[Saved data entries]
********

Variable K : R.
Hypothesis HK : - (1 / 2) <= K - d / 2 - s <= 1 / 2 + D ^ 2 / (8 * s).

Lemma window_near_s (i : R) : 0 <= i <= d -> s / 2 <= K - i /\ s - D <= K - i <= s + D.
Proof.
  intro Hi. pose proof D_lt_s.
  assert (D ^ 2 / (8 * s) <= D / 8).
  { replace (D / 8) with (D ^ 2 / (8 * D)) by (field; lra).
    apply div_le_div; [split; [apply pow2_ge_0|lra]|lra]. }
  lra.
Qed.

Lemma smooth_linear_error (i : R) : 0 <= i <= d ->
  Rabs (smooth d x (K - i)
        - (smooth d x (K - d / 2) + (d / 2 - i) * smooth_deriv d x (K - d / 2)))
  + (2 * (d - (K - i) ^ 2 / x) ^ 2 + 22 * ((K - i) ^ 5 / x ^ 3))
  <= 4 + 743 * (D ^ 3 / s).
Proof.
  intro Hi. destruct (window_near_s i Hi) as [Hk2 Hk].
  pose proof D2_div_s_le. pose proof D_lt_s.
  assert (Hm : s / 2 <= K - d / 2 <= 2 * s).
  { replace (D ^ 2 / (8 * s)) with (D ^ 2 / s / 8) in HK by (field; lra). lra. }
  assert (Hj : Rabs (d / 2 - i) <= D / 2) by (apply Rabs_le; lra).
  pose proof (smooth_taylor (K - d / 2) (d / 2 - i) Hm Hj) as Ht.
  replace (K - d / 2 + (d / 2 - i)) with (K - i) in Ht by ring.
  pose proof (smooth_error_near_s (K - i) Hk). specialize (Ht Hk2). lra.
Qed.

End Window.

End Scale.

Lemma sum_centered_linear_approx (n : nat) (a : nat -> R) (P L B : R) :
  (forall i, (i <= n)%nat -> Rabs (a i - (P + (INR n / 2 - INR i) * L)) <= B) ->
  Rabs (sum_f_R0 a n - (INR n + 1) * P) <= (INR n + 1) * B.
Proof.
  intro Ha.
  assert (Hlin : forall c N, sum_f_R0 (fun i => P + (c - INR i) * L) N
                 = (INR N + 1) * (P + c * L) - L * (INR N * (INR N + 1) / 2)).
  { intros c N. induction N as [|N IH]; [simpl; field|].
    rewrite tech5, IH, S_INR. field. }
  replace (sum_f_R0 a n - (INR n + 1) * P)
    with (sum_f_R0 (fun i => a i - (P + (INR n / 2 - INR i) * L)) n)
    by (rewrite minus_sum, Hlin; field).
  eapply Rle_trans; [apply sum_f_R0_triangle|].
  eapply Rle_trans; [apply sum_Rle with (Bn := fun _ => B); exact Ha|].
  rewrite sum_cte, S_INR. lra.
Qed.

********

Could you write out the full data verbatim?

— Written answer —
Variable K : R.
Hypothesis HK : - (1 / 2) <= K - d / 2 - s <= 1 / 2 + D ^ 2 / (8 * s).

Lemma window_near_s (i : R) : 0 <= i <= d -> s / 2 <= K - i /\ s - D <= K - i <= s + D.
Proof.
  intro Hi. pose proof D_lt_s.
  assert (D ^ 2 / (8 * s) <= D / 8).
  { replace (D / 8) with (D ^ 2 / (8 * D)) by (field; lra).
    apply div_le_div; [split; [apply pow2_ge_0|lra]|lra]. }
  lra.
Qed.

Lemma smooth_linear_error (i : R) : 0 <= i <= d ->
  Rabs (smooth d x (K - i)
        - (smooth d x (K - d / 2) + (d / 2 - i) * smooth_deriv d x (K - d / 2)))
  + (2 * (d - (K - i) ^ 2 / x) ^ 2 + 22 * ((K - i) ^ 5 / x ^ 3))
  <= 4 + 743 * (D ^ 3 / s).
Proof.
  intro Hi. destruct (window_near_s i Hi) as [Hk2 Hk].
  pose proof D2_div_s_le. pose proof D_lt_s.
  assert (Hm : s / 2 <= K - d / 2 <= 2 * s).
  { replace (D ^ 2 / (8 * s)) with (D ^ 2 / s / 8) in HK by (field; lra). lra. }
  assert (Hj : Rabs (d / 2 - i) <= D / 2) by (apply Rabs_le; lra).
  pose proof (smooth_taylor (K - d / 2) (d / 2 - i) Hm Hj) as Ht.
  replace (K - d / 2 + (d / 2 - i)) with (K - i) in Ht by ring.
  pose proof (smooth_error_near_s (K - i) Hk). specialize (Ht Hk2). lra.
Qed.

End Window.

End Scale.

Lemma sum_centered_linear_approx (n : nat) (a : nat -> R) (P L B : R) :
  (forall i, (i <= n)%nat -> Rabs (a i - (P + (INR n / 2 - INR i) * L)) <= B) ->
  Rabs (sum_f_R0 a n - (INR n + 1) * P) <= (INR n + 1) * B.
Proof.
  intro Ha.
  assert (Hlin : forall c N, sum_f_R0 (fun i => P + (c - INR i) * L) N
                 = (INR N + 1) * (P + c * L) - L * (INR N * (INR N + 1) / 2)).
  { intros c N. induction N as [|N IH]; [simpl; field|].
    rewrite tech5, IH, S_INR. field. }
  replace (sum_f_R0 a n - (INR n + 1) * P)
    with (sum_f_R0 (fun i => a i - (P + (INR n / 2 - INR i) * L)) n)
    by (rewrite minus_sum, Hlin; field).
  eapply Rle_trans; [apply sum_f_R0_triangle|].
  eapply Rle_trans; [apply sum_Rle with (Bn := fun _ => B); exact Ha|].
  rewrite sum_cte, S_INR. lra.
Qed.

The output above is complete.